Observer les libellules

Où trouver les libellules ?

Les libellules sont très liées aux milieux aquatiques dans lesquels les larves vivent. Les adultes s’en éloignent parfois lors de leur période de maturation sexuelle, mais la plupart y reviennent pour s’accoupler et toutes pour pondre. En fonction des espèces, toutes sortes de milieux aquatiques (mares, étangs, marais, ruisseaux, rivières …) peuvent héberger des populations plus ou moins importantes de libellules. C’est près des zones d’eau douce que l’on trouve le plus facilement des odonates. Les cortèges les plus variés sont observés près des mares, étangs, rivières calmes, tout particulièrement là où se développe une végétation aquatique et rivulaire. Certaines espèces sont plus inféodées aux eaux courantes, d’autres aux eaux stagnantes. Si les eaux salées sont impropres au développement des larves, les eaux saumâtres peuvent être tolérées par quelques espèces.

D’une manière générale, c’est donc au bord de l’eau que l’on a le plus de chance de rencontrer des libellules, même si de nombreux individus en chasse ou en phase de maturation peuvent être observés loin de l’eau dans des prairies, clairières et autres milieux riches en plantes.

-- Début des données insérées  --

(* For $n$ complex alternating matrices $A_1,\ldots,A_n$ of size $n$ and $n-1$ complex symmetric matrices $B_1,\ldots,B_{n-1}$ of size $n$, we have $$\sum_{\sigma\in S_n,\ \tau\in S_{n-1}}\operatorname{sgn}(\sigma)\operatorname{sgn}(\tau)\,A_{\sigma(1)}B_{\tau(1)}A_{\sigma(2)}B_{\tau(2)}\cdots A_{\sigma(n-1)}B_{\tau(n-1)}A_{\sigma(n)}=0.$$
   Context: A matrix $M$ is alternating if ${}^tM=-M$ and symmetric if ${}^tM=M$. *)

From HB Require Import structures.
From mathcomp Require Import all_boot all_order all_algebra all_fingroup.
From mathcomp Require Import reals.
From mathcomp Require Import complex.
Set Implicit Arguments. Unset Strict Implicit. Unset Printing Implicit Defensive.
Import Order.TTheory GRing.Theory Num.Theory.
Local Open Scope ring_scope.

Definition alternating_mx (F : pzRingType) (n : nat) (M : 'M[F]_n) : Prop :=
  M^T = - M.
Definition symmetric_mx (F : pzRingType) (n : nat) (M : 'M[F]_n) : Prop :=
  M^T = M.

From HB Require Import structures.
From mathcomp Require Import all_boot all_order all_algebra all_fingroup.
From mathcomp Require Import reals complex.
Set Implicit Arguments. Unset Strict Implicit. Unset Printing Implicit Defensive.
Import Order.TTheory GRing.Theory Num.Theory.
Local Open Scope ring_scope.

(* Write S for the sum and read its terms as alternating words
   A_{s 0} B_{t 0} ... B_{t (n-1)} A_{s n} of (n+1) x (n+1) matrices.
   Transposing a word reverses it, so reindexing by the reversals shows that
   S is alternating.  If some B_j is x^T x, reversing the prefix of each word
   in front of that letter pairs the terms of x S with opposite signs, so
   x S = 0.  As S is linear in each B_j, and symmetric matrices are spanned by
   the x^T x with x outside any proper subspace, we may assume B_j = x_j^T x_j
   with x_0, ..., x_{n-1} independent.  Then S is killed by n independent rows,
   so it has rank at most one, and an alternating matrix of rank at most one
   vanishes. *)

Section AlternatingWord.
Variables (R : comPzRingType) (m : nat).
Local Notation M := 'M[R]_m.
Implicit Types (a b : nat -> M).

Fixpoint alt_word a b (k : nat) : M :=
  if k is k'.+1 then alt_word a b k' *m b k' *m a k else a 0%N.

Lemma alt_wordE a b k : alt_word a b k = (\prod_(i < k) (a i *m b i)) *m a k.
Proof.
elim: k => [|k IHk] /=; first by rewrite big_ord0 mul1mx.
by rewrite IHk big_ord_recr /= -mulmxE !mulmxA.
Qed.

Lemma alt_wordS a b k : alt_word a b k.+1 = alt_word a b k *m b k *m a k.+1.
Proof. by []. Qed.

Lemma alt_wordSl a b k :
  alt_word a b k.+1 = a 0%N *m b 0%N *m alt_word (fun i => a i.+1) (fun i => b i.+1) k.
Proof. by elim: k => [|k /= ->] //=; rewrite !mulmxA. Qed.

Lemma eq_alt_word a b a' b' k :
    (forall i, (i <= k)%N -> a i = a' i) -> (forall i, (i < k)%N -> b i = b' i) ->
  alt_word a b k = alt_word a' b' k.
Proof.
elim: k => [|k IHk] eq_a eq_b /=; first exact: eq_a.
rewrite eq_a // eq_b // IHk // => i lt_ik; [apply: eq_a | apply: eq_b];
  exact: ltnW.
Qed.

Lemma alt_word_split a b k l : (k < l)%N ->
  alt_word a b l =
  alt_word a b k *m b k *m
  alt_word (fun i => a (k.+1 + i)%N) (fun i => b (k.+1 + i)%N) (l - k.+1).
Proof.
move=> lt_kl; rewrite -{1}(subnKC lt_kl); elim: (l - k.+1)%N => [|d IHd].
  by rewrite addn0 alt_wordS /= addn0.
by rewrite addnS alt_wordS IHd alt_wordS -addnS !mulmxA.
Qed.

Lemma alt_word_set a b k l Z : (k < l)%N ->
  alt_word a [eta b with k |-> Z] l =
  alt_word a b k *m Z *m
  alt_word (fun i => a (k.+1 + i)%N) (fun i => b (k.+1 + i)%N) (l - k.+1).
Proof.
move=> lt_kl; rewrite (alt_word_split _ _ lt_kl) /= eqxx.
congr (_ *m _ *m _); apply: eq_alt_word => // i.
  by move=> lt_ik /=; rewrite ltn_eqF.
by rewrite gtn_eqF // leq_addr.
Qed.

Lemma tr_alt_word a b k :
    (forall i, (a i)^T = - a i) -> (forall i, (b i)^T = b i) ->
  (alt_word a b k)^T =
  (-1) ^+ k.+1 *: alt_word (fun i => a (k - i)%N) (fun i => b (k.-1 - i)%N) k.
Proof.
elim: k a b => [|k IHk] a b a_alt b_sym; first by rewrite /= a_alt scaleN1r.
rewrite alt_wordS !trmx_mul IHk // a_alt b_sym alt_wordSl !subn0.
rewrite mulNmx -!scalemxAr -scaleNr -mulN1r -exprS mulmxA.
congr (_ *: (_ *m _)); apply: eq_alt_word => // i _.
by rewrite /= subnS -subn1 subnAC subn1.
Qed.

End AlternatingWord.

Lemma sign_permM (R : pzRingType) (T : finType) (s1 s2 : {perm T}) :
  (-1) ^+ (s1 * s2)%g = (-1) ^+ s1 * (-1) ^+ s2 :> R.
Proof. by rewrite odd_permM signr_addb. Qed.

Section PrefixReversal.
Variable n : nat.

Definition prefix_rev_fun (m : 'I_n.+1) (i : 'I_n) : 'I_n :=
  if (i < m)%N then insubd i (m.-1 - i)%N else i.

Lemma prefix_rev_funE m i :
  val (prefix_rev_fun m i) = if (i < m)%N then (m.-1 - i)%N else i.
Proof.
rewrite /prefix_rev_fun; case: ltnP => // lt_im; rewrite val_insubd.
by rewrite (leq_ltn_trans (leq_subr _ _)) // -ltnS (ltn_predK lt_im) ltn_ord.
Qed.

Lemma prefix_rev_funK m : involutive (prefix_rev_fun m).
Proof.
move=> i; apply: val_inj; rewrite !prefix_rev_funE.
case: (ltnP i m) => [lt_im | le_mi]; last by rewrite ltnNge le_mi.
have m_pos := ltn_predK lt_im.
have lt_m1_m : (m.-1 < m)%N by rewrite m_pos.
by rewrite (leq_ltn_trans (leq_subr _ _) lt_m1_m) subKn // -ltnS m_pos.
Qed.

Definition prefix_rev m : 'S_n := perm (can_inj (prefix_rev_funK m)).

Lemma prefix_revE m i : val (prefix_rev m i) = if (i < m)%N then (m.-1 - i)%N else i.
Proof. by rewrite permE prefix_rev_funE. Qed.

Lemma prefix_rev2 m : (prefix_rev m * prefix_rev m)%g = 1%g.
Proof. by apply/permP => i; rewrite permM perm1 !permE prefix_rev_funK. Qed.

(* [prefix_rev m] reverses [0, m) in 'I_n and [prefix_revS m] reverses [0, m]
   in 'I_n.+1; building the latter with [lift_perm] makes the parity of the
   pair equal to that of m. *)
Definition prefix_revS (m : 'I_n.+1) : 'S_n.+1 := lift_perm ord0 m (prefix_rev m).

Lemma prefix_revSE m i : val (prefix_revS m i) = if (i <= m)%N then (m - i)%N else i.
Proof.
case: (unliftP ord0 i) => [j ->|->]; last by rewrite lift_perm_id subn0.
rewrite lift_perm_lift /= /bump prefix_revE /=.
case: (ltnP j m) => [lt_jm | le_mj]; last by rewrite le_mj add1n.
rewrite leqNgt (leq_ltn_trans (leq_subr _ _)) ?(ltn_predK lt_jm) //.
by rewrite add0n subnS -subn1 subnAC subn1.
Qed.

Lemma sign_prefix_rev (R : pzRingType) m :
  (-1) ^+ prefix_revS m * (-1) ^+ prefix_rev m = (-1) ^+ m :> R.
Proof. by rewrite -signr_addb odd_lift_perm /= -addbA addbb addbF signr_odd. Qed.

End PrefixReversal.

Section PermutationSum.
Variables (R : comPzRingType) (m n : nat).
Local Notation M := 'M[R]_m.
Implicit Types (A : 'I_n.+1 -> M) (B : 'I_n -> M) (s : 'S_n.+1) (t : 'S_n).

(* Letters are indexed by nat so that words can be cut and shifted; the
   out-of-range values ([inord] clamps, [bseq] is 0) are never read. *)
Definition aseq A s (i : nat) : M := A (s (inord i)).
Definition bseq B t (i : nat) : M := if insub i is Some j then B (t j) else 0.

Definition perm_sum A B : M :=
  \sum_(s : 'S_n.+1) \sum_(t : 'S_n)
    ((-1) ^+ s * (-1) ^+ t) *: alt_word (aseq A s) (bseq B t) n.

Lemma eq_perm_sum A B B' : B =1 B' -> perm_sum A B = perm_sum A B'.
Proof.
move=> eqB; apply: eq_bigr => s _; apply: eq_bigr => t _; congr (_ *: _).
by apply: eq_alt_word => // i _; rewrite /bseq; case: insub => // i'; rewrite eqB.
Qed.

Lemma perm_sumE A B :
  perm_sum A B =
  \sum_(s : 'S_n.+1) \sum_(t : 'S_n) ((-1) ^+ s * (-1) ^+ t) *:
    ((\prod_(i < n) (A (s (widen_ord (leqnSn n) i)) *m B (t i))) *m A (s ord_max)).
Proof.
apply: eq_bigr => s _; apply: eq_bigr => t _; rewrite alt_wordE /aseq /bseq.
congr (_ *: (_ *m A (s _))); last by apply: val_inj; rewrite /= inordK.
apply: eq_bigr => i _; rewrite valK; congr (A (s _) *m _).
by apply: val_inj; rewrite /= inordK // ltnS ltnW.
Qed.

Lemma aseq_prefix_revS A s (k : 'I_n.+1) i : (i <= n)%N ->
  aseq A (prefix_revS k * s) i = aseq A s (if (i <= k)%N then k - i else i)%N.
Proof.
move=> le_in; rewrite /aseq permM; congr (A (s _)); apply: val_inj.
rewrite prefix_revSE inordK // /= inordK //; case: ifP => // _.
by rewrite ltnS (leq_trans (leq_subr _ _)) // -ltnS.
Qed.

Lemma bseq_prefix_rev B t (k : 'I_n.+1) i :
  bseq B (prefix_rev k * t) i = bseq B t (if (i < k)%N then k.-1 - i else i)%N.
Proof.
rewrite /bseq; case: insubP => [j _ val_j | ge_in]; last first.
  rewrite -leqNgt in ge_in.
  have le_ki : (k <= i)%N by rewrite (leq_trans _ ge_in) // -ltnS.
  by rewrite ltnNge le_ki insubF // ltnNge ge_in.
by rewrite permM -val_j -prefix_revE valK.
Qed.

Lemma alt_word_prefix_rev A B s t (k : 'I_n.+1) :
    (forall j, (A j)^T = - A j) -> (forall j, (B j)^T = B j) ->
  alt_word (aseq A (prefix_revS k * s)) (bseq B (prefix_rev k * t)) k =
  (-1) ^+ k.+1 *: (alt_word (aseq A s) (bseq B t) k)^T.
Proof.
move=> A_alt B_sym; rewrite tr_alt_word; last 2 first.
- by move=> i; rewrite /aseq A_alt.
- by move=> i; rewrite /bseq; case: insub => [j|]; rewrite ?B_sym ?trmx0.
rewrite scalerA -expr2 sqrr_sign scale1r; apply: eq_alt_word => i lt_ik.
  by rewrite aseq_prefix_revS ?lt_ik // (leq_trans lt_ik) // -ltnS.
by rewrite bseq_prefix_rev lt_ik.
Qed.

Lemma tr_perm_sum A B :
    (forall j, (A j)^T = - A j) -> (forall j, (B j)^T = B j) ->
  (perm_sum A B)^T = - perm_sum A B.
Proof.
move=> A_alt B_sym; pose k := @ord_max n.
rewrite /perm_sum -sumrN [RHS](reindex_inj (mulgI (prefix_revS k))) raddf_sum.
apply: eq_bigr => s _; rewrite -sumrN [RHS](reindex_inj (mulgI (prefix_rev k))) raddf_sum.
apply: eq_bigr => t _; rewrite [LHS]linearZ alt_word_prefix_rev // scalerA -scaleNr.
congr (_ *: _); rewrite !sign_permM mulrACA sign_prefix_rev exprS.
by rewrite mulN1r mulrN opprK mulrAC -expr2 sqrr_sign mul1r.
Qed.

Lemma mulmx_alt_word_prefix_rev A B s t (k : 'I_n.+1) (x : 'rV[R]_m) :
    (forall j, (A j)^T = - A j) -> (forall j, (B j)^T = B j) ->
    (k < n)%N -> bseq B t k = x^T *m x ->
  x *m alt_word (aseq A (prefix_revS k * s)) (bseq B (prefix_rev k * t)) n =
  (-1) ^+ k.+1 *: (x *m alt_word (aseq A s) (bseq B t) n).
Proof.
move=> A_alt B_sym lt_kn Bk.
have Bk' : bseq B (prefix_rev k * t) k = x^T *m x by rewrite bseq_prefix_rev ltnn.
rewrite !(alt_word_split _ _ lt_kn) Bk Bk' alt_word_prefix_rev //.
have -> : alt_word (fun i => aseq A (prefix_revS k * s) (k.+1 + i))
                   (fun i => bseq B (prefix_rev k * t) (k.+1 + i)) (n - k.+1) =
           alt_word (fun i => aseq A s (k.+1 + i)) (fun i => bseq B t (k.+1 + i)) (n - k.+1).
  apply: eq_alt_word => i le_i.
    rewrite aseq_prefix_revS; last by rewrite -(leq_add2l k.+1) subnKC in le_i.
    by rewrite leqNgt ltnS leq_addr.
  by rewrite bseq_prefix_rev ltnNge ltnW // ltnS leq_addr.
set W := alt_word (aseq A s) (bseq B t) k.
have xWx : x *m W^T *m x^T = x *m W *m x^T.
  have tr11 (u : 'M[R]_1) : u^T = u by rewrite [u]mx11_scalar tr_scalar_mx.
  by rewrite -[LHS]tr11 !trmx_mul !trmxK mulmxA.
by rewrite -!scalemxAl -scalemxAr !mulmxA xWx.
Qed.

End PermutationSum.

Section PermutationSumLinear.
Variables (R : comPzRingType) (m n : nat).
Variables (A : 'I_n.+1 -> 'M[R]_m) (B : 'I_n -> 'M[R]_m) (j : 'I_n).

Lemma bseq_set (t : 'S_n) Z (i : nat) :
  bseq [eta B with j |-> Z] t i = [eta bseq B t with val ((t^-1)%g j) |-> Z] i.
Proof.
rewrite /= /bseq; case: insubP => [i' _ <- | i_out] /=.
  by rewrite val_eqE (canF_eq (permK t)).
by rewrite ifF //; apply: contraNF i_out => /eqP ->.
Qed.

Lemma alt_word_bseq_set (a : nat -> 'M[R]_m) (t : 'S_n) Z (k := val ((t^-1)%g j)) :
  alt_word a (bseq [eta B with j |-> Z] t) n =
  alt_word a (bseq B t) k *m Z *m
  alt_word (fun i => a (k.+1 + i)%N) (fun i => bseq B t (k.+1 + i)%N) (n - k.+1).
Proof.
rewrite -alt_word_set ?ltn_ord //; apply: eq_alt_word => // i _; exact: bseq_set.
Qed.

Definition perm_sum_at (Z : 'M[R]_m) := perm_sum A [eta B with j |-> Z].

Lemma perm_sum_at_is_linear : linear perm_sum_at.
Proof.
move=> a X Y; rewrite /perm_sum_at /perm_sum scaler_sumr -big_split.
apply: eq_bigr => s _; rewrite scaler_sumr -big_split; apply: eq_bigr => t _ /=.
rewrite !alt_word_bseq_set mulmxDr mulmxDl -scalemxAr -scalemxAl.
by rewrite scalerDr !scalerA mulrC.
Qed.

HB.instance Definition _ :=
  GRing.isLinear.Build R 'M[R]_m 'M[R]_m *:%R perm_sum_at perm_sum_at_is_linear.

End PermutationSumLinear.

Lemma mulmx_trD (R : comPzRingType) m (u v : 'rV[R]_m) :
  (u + v)^T *m (u + v) = u^T *m u + (u^T *m v + v^T *m u) + v^T *m v.
Proof. by rewrite [(u + v)^T]raddfD mulmxDl !mulmxDr !addrA. Qed.

Lemma mulmx_trB (R : comPzRingType) m (u v : 'rV[R]_m) :
  (u - v)^T *m (u - v) = u^T *m u - (u^T *m v + v^T *m u) + v^T *m v.
Proof.
by rewrite mulmx_trD [(- v)^T]raddfN /= mulmxN !mulNmx mulmxN opprK opprD.
Qed.

Section CharacteristicNot2.
Variables (F : fieldType) (m n : nat).
Hypothesis two_neq0 : 2 != 0 :> F.

Lemma eqN_eq0 (V : lmodType F) (v : V) : v = - v -> v = 0.
Proof.
move=> v_eqN; have two_v : (2 : F) *: v = 0 by rewrite scaler_nat mulr2n {2}v_eqN subrr.
by rewrite -[v](scalerK two_neq0) two_v scaler0.
Qed.

Lemma alternating_rank_le1_eq0 (S : 'M[F]_m) : S^T = - S -> (\rank S <= 1)%N -> S = 0.
Proof.
move=> S_alt rank_S; apply/eqP; apply: contraTT rank_S => /matrix0Pn[i [k S_ik]].
have S_N a b : S b a = - S a b by move/matrixP/(_ a b): S_alt; rewrite !mxE => ->.
have S_diag a : S a a = 0 by apply: (eqN_eq0 (V := F^o)); exact: S_N.
pose f (r : 'I_2) := if r == 0 then i else k.
pose g (r : 'I_2) := if r == 0 then k else i.
pose d : 'rV[F]_2 := \row_r (if r == 0 then S i k else - S i k).
have sub_S : rowsub f 1%:M *m S *m colsub g 1%:M = diag_mx d.
  rewrite mulmx_colsub mulmx1 -rowsubE; apply/matrixP => r q; rewrite !mxE.
  case: r q => [[|[|//]] ?] [[|[|//]] ?]; rewrite /= ?mulr1n ?mulr0n ?S_diag //.
have d_unit : diag_mx d \in unitmx.
  by rewrite unitmxE unitfE det_diag big_ord_recl big_ord1 !mxE /= mulrN oppr_eq0 mulf_neq0.
rewrite -ltnNge (leq_trans _ (mxrankM_maxr (rowsub f 1%:M) S)) //.
by rewrite (leq_trans _ (mxrankM_maxl _ (colsub g 1%:M))) // sub_S mxrank_unit.
Qed.

Lemma exists_notin_submx r (W : 'M[F]_(r, m)) :
  (\rank W < m)%N -> exists y : 'rV[F]_m, ~~ (y <= W)%MS.
Proof.
move=> rank_W; have /row_subPn[i i_out] : ~~ (1%:M <= W)%MS.
  by apply: contraTN rank_W => /mxrankS; rewrite mxrank1 -leqNgt.
by exists (row i 1%:M).
Qed.
Lemma integrable_lincomb (I : Type) (s : seq I) (c : I -> R) (f : I -> T -> R) :
  (forall i, mu.-integrable D (EFin \o f i)) ->
  mu.-integrable D (EFin \o (fun x => \sum_(i <- s) c i * f i x)).
Proof.
move=> intf; apply: (eq_integrable mD (fun x => (\sum_(i <- s) (c i)%:E * (f i x)%:E)%E)).
  by move=> x _; under eq_bigr do rewrite -EFinM; rewrite sumEFin.
apply: (@integrable_sum _ _ _ mu D mD _ s xpredT (fun i x => (c i)%:E * (f i x)%:E)%E).
by move=> i _; exact: (integrableZl _ _ (intf i)).
Qed.

Lemma Rintegral_lincomb (I : Type) (s : seq I) (c : I -> R) (f : I -> T -> R) :
  (forall i, mu.-integrable D (EFin \o f i)) ->
  Rintegral mu D (fun x => \sum_(i <- s) c i * f i x) =
  \sum_(i <- s) c i * Rintegral mu D (f i).
Proof.
move=> intf; elim: s => [|i s IH].
  by under eq_Rintegral do rewrite big_nil; rewrite Rintegral_cst // mul0r big_nil.
under eq_Rintegral do rewrite big_cons.
rewrite RintegralD ?IH ?big_cons ?RintegralZl //; last exact: integrable_lincomb.
apply: (eq_integrable mD (fun x => (c i)%:E * (f i x)%:E)%E).
  by move=> x _; rewrite /= EFinM.
exact: (integrableZl mD _ (intf i)).
Qed.

End Rintegral_lincomb.

Section green_function.
Variable R : realType.
Notation mu := (@lebesgue_measure R).
Implicit Types (a p q t : R) (k phi psi : R -> R).

Lemma is_derive_mixr p q t : is_derive t 1 (mixr p q) (p - q).
Proof.
rewrite /mixr; eapply is_derive_eq.
  eapply is_deriveD.
    eapply is_deriveM; [exact: is_derive_id | exact: is_derive_cst].
  eapply is_deriveM; [|exact: is_derive_cst].
  eapply is_deriveB; [exact: is_derive_cst | exact: is_derive_id].
by rewrite /= /GRing.scale /=; ring.
Qed.

Lemma is_derive_mixr_antiderivative p q t : 0 < mixr p q t ->
  is_derive t 1 (fun s => (p - q) * s - q * ln (mixr p q s))
    ((p - q) - (p - q) * q / mixr p q t).
Proof.
move=> m0; eapply is_derive_eq.
  eapply is_deriveB.
    eapply is_deriveM; [exact: is_derive_cst | exact: is_derive_id].
  eapply is_deriveM; [exact: is_derive_cst|].
  exact: is_derive1_comp (is_derive1_ln m0) (is_derive_mixr p q t).
by rewrite /= /GRing.scale /=; field; rewrite gt_eqF.
Qed.
Lemma nash_reachable F k s : restriction F k -> valid_profile G s -> stable F k s set0 set0 ->
  exists p, improvement_path G s p /\ nash G (last s p).
Proof.
move: {2}(slack F k) (leqnn (slack F k)) => m; elim: m F k s => [|m IH] F k s sl Fk vs st;
  case: (nash_or_relax Fk vs st) => [|[F' [k' [lt Fk' [p [P1 P2 P3]]]]]]; try by exists [::].
  by lia.
have [q [Q1 Q2]] := IH F' k' (last s p) ltac:(lia) Fk' P2 P3.
by exists (p ++ q); rewrite last_cat; split=> //; exact: improvement_path_cat.
Qed.

Lemma restriction_of_profile s : valid_profile G s ->
  restriction (fun i x => s i x) (fun i x => #|s i x|).
Proof.
move=> vs i w; split; first exact: valid_cap.
by move=> w' w'w; rewrite (valid_cell vs w'w).
Qed.

Lemma stable_of_profile s : valid_profile G s ->
  stable (fun i x => s i x) (fun i x => #|s i x|) s set0 set0.
Proof.
move=> vs i w; split; first by apply/and3P; split=> //; exact: valid_sub_cell.
move=> X /and3P[SX _ Xk]; suff -> : X = s i w by [].
by apply/eqP; rewrite eq_sym eqEcard SX.
Qed.

End Game.

Theorem proposition1 (R : realFieldType) (n : nat) (Omega : finType)
    (G : search_game R n Omega) :
  valid_game G ->
  forall s1 : profile n Omega, valid_profile G s1 ->
  exists p : seq (profile n Omega),
    improvement_path G s1 p /\ nash G (last s1 p).
Proof.
move=> G_valid s1 vs1.
exact (nash_reachable G_valid (restriction_of_profile vs1) vs1 (stable_of_profile vs1)).
Qed.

Mais quel que soit le mode de recherche des libellules, gardez à l’esprit que vos activités doivent se dérouler dans le plus grand respect des propriétés et des habitats, en évitant toute dégradation, les milieux humides étant particulièrement fragiles !

Quand observer les libellules ?

L’observation des libellules dans les zones humides peut se faire pendant une grande partie de l’année (entre mars et novembre) selon les espèces, les conditions météorologiques et les régions.

Cependant, la période la plus favorable pour l’observation des libellules en émergence, en phase de maturation ou bien les adultes, se situe entre avril et octobre. Certaines espèces, comme le Leste brun Sympecma fusca, hivernent à l’état adulte, et peuvent donc être observées dès les beaux jours. D’autres, comme le Sympétrum strié Sympetrum striolatum et l’Aeschne bleue Aechna cyanea, plus tardives, peuvent voler jusqu’à la fin du mois de novembre.

Les libellules sont des insectes très sensibles à la température et aux conditions climatiques, elles sont surtout actives aux heures les plus chaudes de la journée S’il fait froid, qu’il pleut ou que le vent souffle, leur activité est réduite et elles préfèrent rester cachées, souvent posées en hauteur dans les arbres ou au milieu des hautes herbes.

Les prospections doivent être orientées pendant la phase optimale d’activité des libellules, à savoir entre 10h et 18h, par temps ensoleillé, vent faible et températures comprises entre 18 et 30°C. D’une manière générale, prospectez à la mi-journée, par temps calme et ensoleillé. Il est bien évident que ces informations très simplifiées doivent être adaptées à chaque cas particulier en fonction de l’objectif de vos recherches.

Les zygoptères ou demoiselles de petite taille sont, dans la majeure partie des cas, peu mobiles et restent à proximité du couvert végétal. Recherchez-les dans les hautes herbes et les milieux proches des berges.

Les anisoptères (grandes espèces) sont souvent plus difficiles à approcher. Insectes hyperactifs pour la plupart, ils se déplacent beaucoup, et pour les observer il est nécessaire de les repérer en vol, et d’attendre qu’ils se posent avant de pouvoir s’approcher avec précaution.

La recherche d’exuvies se fait en général sur la même période que celle des imagos, elle peut ponctuellement et localement être réalisée en hiver, notamment sous les ponts, où les dépouilles larvaires ne sont pas soumises aux intempéries et peuvent rester accrochées très longtemps.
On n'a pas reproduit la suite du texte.